Мне вдруг стало жалко эту несчастную женщину: она была замужем за самым жалким, трусливым мужчиной, откровенным ничтожеством, попросту говоря. И была вынуждена разнообразить свой досуг вот так: заполняя его бесконечными обедами, зваными вечерами и скучными пристойными разговорами.

В дверь осторожно поскрёбся Манфред:

— Звезда моя, тебя объявлять?..

— Конечно, я уже готова.

Я сбросила с плеч шёлковый халат и вышла на сцену. Тяжёлые портьеры отгораживали меня стеной от зрителей. Было прохладно, пахло пылью и старым деревом… С изнанки сцена выглядит не столь блистательно, когда смотришь на неё из зрительного зала.

— Последнее представление! Единственной и неповторимой… — гремел голос Манфреда, усиленный металлическим рупором.

Я опустила голову и медленно подняла одну руку, прислушиваясь к грохоту аплодисментов. Портьеры медленно поползли в стороны и в глаза ударил свет. За ним едва различимы лица толпы, слившиеся в одно пятно. Медленная неторопливая музыка, одно движение — и мир привычно перестаёт существовать…

— Ох, ты слышишь? Зал до сих пор рукоплещет! Рукоплещет!

— Фредди, угомонись! Всё, как обычно! — отмахнулась я, обессилено рухнув в кресло в гримёрной после выступления.

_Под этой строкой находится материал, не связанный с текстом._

Lemma exists_anchored i : exists j, anchored i j.
Proof.
have [|j ltj] := @block_pigeonhole _ _ blk (f @: part a (wid i)) (k - 2).
  by rewrite card_imset // card_part addnC big_part //= ltn_ord.
have [s sj cards] : exists2 s : {set W},
    s \subset f @: part a (wid i) :&: block blk j & #|s| = k - 1.
  by apply: (@exists_card_subset W); move: ltj; lia.
exists j, (part a (wid i) :&: f @^-1: s).
have fS : f @: (part a (wid i) :&: f @^-1: s) = s.
  by apply: imset_preim_subset; exact: subset_trans sj (subsetIl _ _).
split; [exact: subsetIl | by rewrite -cards -(card_imset _ f_inj) fS | ].
by rewrite fS; exact: subset_trans sj (subsetIr _ _).
Qed.

Lemma anchored_vertex i j :
  anchored i j -> exists2 w, w \in part a (wid i) & f w \in block blk j.
Proof.
case=> S [Si cardS Sj]; have /card_gt0P [w wS] : 0 < #|S| by rewrite cardS; lia.
by exists w; [exact: (subsetP Si) | apply: (subsetP Sj); exact: imset_f].
Qed.

Lemma anchored_onto j : exists i, anchored i j.
Proof.
have [J anchorJ] := fin_all_exists exists_anchored.
have J_inj : injective J.
  move=> i1 i2 eqJ; have [w wi2 wJ] := anchored_vertex (anchorJ i2).
  apply/eqP; apply: contraT => ne.
  have wi1 : w \notin part a (wid i1).
    by apply: contra ne => /(part_inj wi2) /(congr1 val) /= /val_inj ->.
  by move: (anchored_excl (anchorJ i1) wi1); rewrite eqJ wJ.
by have /codomP [i ->] := injF_onto J_inj j; exists i.
Qed.

Lemma last_part_core y : y \in part a ord_max -> f y \in core blk.
Proof.
move=> ylast; apply: contraT => /notin_core [j yj].
have [i anchor_ij] := anchored_onto j.
have yi : y \notin part a (wid i) by apply/negP => /wid_notin_last; rewrite ylast.
by move: (anchored_excl anchor_ij yi); rewrite yj.
Qed.

Lemma blue_Hgraph_contra :
  a ord_max = t ->
  (forall S : {set W}, S \subset core blk -> #|S| = t ->
     exists j, exists2 s, s \in Fam j & s \subset S) ->
  False.
Proof.
move=> last_part Fam_cover.
have last_sub : f @: part a ord_max \subset core blk.
  by apply/subsetP => _ /imsetP [y ylast ->]; exact: last_part_core.
have last_card : #|f @: part a ord_max| = t by rewrite card_imset // card_part.
have [j [s sF sS]] := Fam_cover _ last_sub last_card.
have [i anchor_ij] := anchored_onto j; have [w wi wj] := anchored_vertex anchor_ij.
have fP : f @: (part a ord_max :&: f @^-1: s) = s by exact: imset_preim_subset.
apply: (Hgraph_not_red (e := w |: (part a ord_max :&: f @^-1: s))).
  apply: Hgraph_edge (subsetIl _ _) _ (wid_notin_last wi); first by lia.
  by rewrite -(card_imset _ f_inj) fP (Fam_card sF).
by rewrite imsetU1 fP; exact: red_crossing sF wj.
Qed.

End BlueHgraph.

Lemma no_blue_Hgraph (W : finType) c (blk : W -> option 'I_c)
    (Fam : 'I_c -> {set {set W}}) k t (a : 'I_c.+1 -> nat) :
  1 < k -> (forall j s, s \in Fam j -> #|s| = k - 1) ->
  (forall i : 'I_c.+1, i < c -> c * (k - 2) + #|core blk| < a i) ->
  a ord_max = t ->
  (forall S : {set W}, S \subset core blk -> #|S| = t ->
     exists j, exists2 s, s \in Fam j & s \subset S) ->
  ~ mono_copy (red blk Fam) false (Hgraph k a).
Proof.
move=> k_gt1 Fam_card big_part last_part Fam_cover [f [f_inj f_blue]].
exact: (blue_Hgraph_contra k_gt1 Fam_card big_part f_inj f_blue last_part Fam_cover).
Qed.

(** * The two colourings *)

Definition host (m c b : nat) : finType := ('I_m + 'I_c * 'I_b)%type.

Definition host_blk m c b (x : host m c b) : option 'I_c :=
  if x is inr p then Some p.1 else None.

Section HostCard.

Variables m c b : nat.

Lemma host_core :
  core (@host_blk m c b) = (@inl 'I_m ('I_c * 'I_b) : _ -> host m c b) @: [set: 'I_m].
Proof.
apply/setP => -[y | p]; rewrite !inE; first by apply/esym/imsetP; exists y; rewrite ?inE.
by apply/esym/imsetP => -[].
Qed.

Lemma card_host_core : #|core (@host_blk m c b)| = m.
Proof. by rewrite host_core card_imset ?cardsT ?card_ord // => ? ? []. Qed.

Lemma card_host_block j : #|block (@host_blk m c b) j| = b.
Proof.
have -> : block (@host_blk m c b) j = [set inr (j, y) | y : 'I_b].
  apply/setP => -[y | [j' y]]; rewrite !inE /=.
    by apply/esym/imsetP => -[].
  apply/eqP/imsetP => [[->] | [y' _ [-> _]]] //; by exists y.
by rewrite card_imset ?card_ord // => ? ? [].
Qed.

Lemma card_host : #|host m c b| = m + c * b.
Proof. by rewrite card_sum card_prod !card_ord. Qed.

End HostCard.

Section CoreFamily.

Variables m c b : nat.
Variable F : 'I_c -> {set {set 'I_m}}.

Local Notation inc := (@inl 'I_m ('I_c * 'I_b) : 'I_m -> host m c b).

Definition core_family (j : 'I_c) : {set {set host m c b}} :=
  [set inc @: s | s : {set 'I_m} in F j].

Let inc_inj : injective inc. Proof. by move=> ? ? []. Qed.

— О нет. Там всё завалено цветами! Записками можно будет топить камин на протяжении всей зимы!

— Всё, пойди прочь. Я хочу побыть одна.

Манфред бубнил что-то ещё, но я оттеснила его из гримёрной и принялась переодеваться. Стереть макияж стоило больших трудов, но я всё же справилась с этой задачей. Только волосы всё ещё собраны так, что не выбивается ни одного волоска. Я оглядела тесную гримёрную. Закрой глаза — знаю каждую трещинку, а на стене позади развешаны все плакаты и афиши выступлений начиная с самого первого.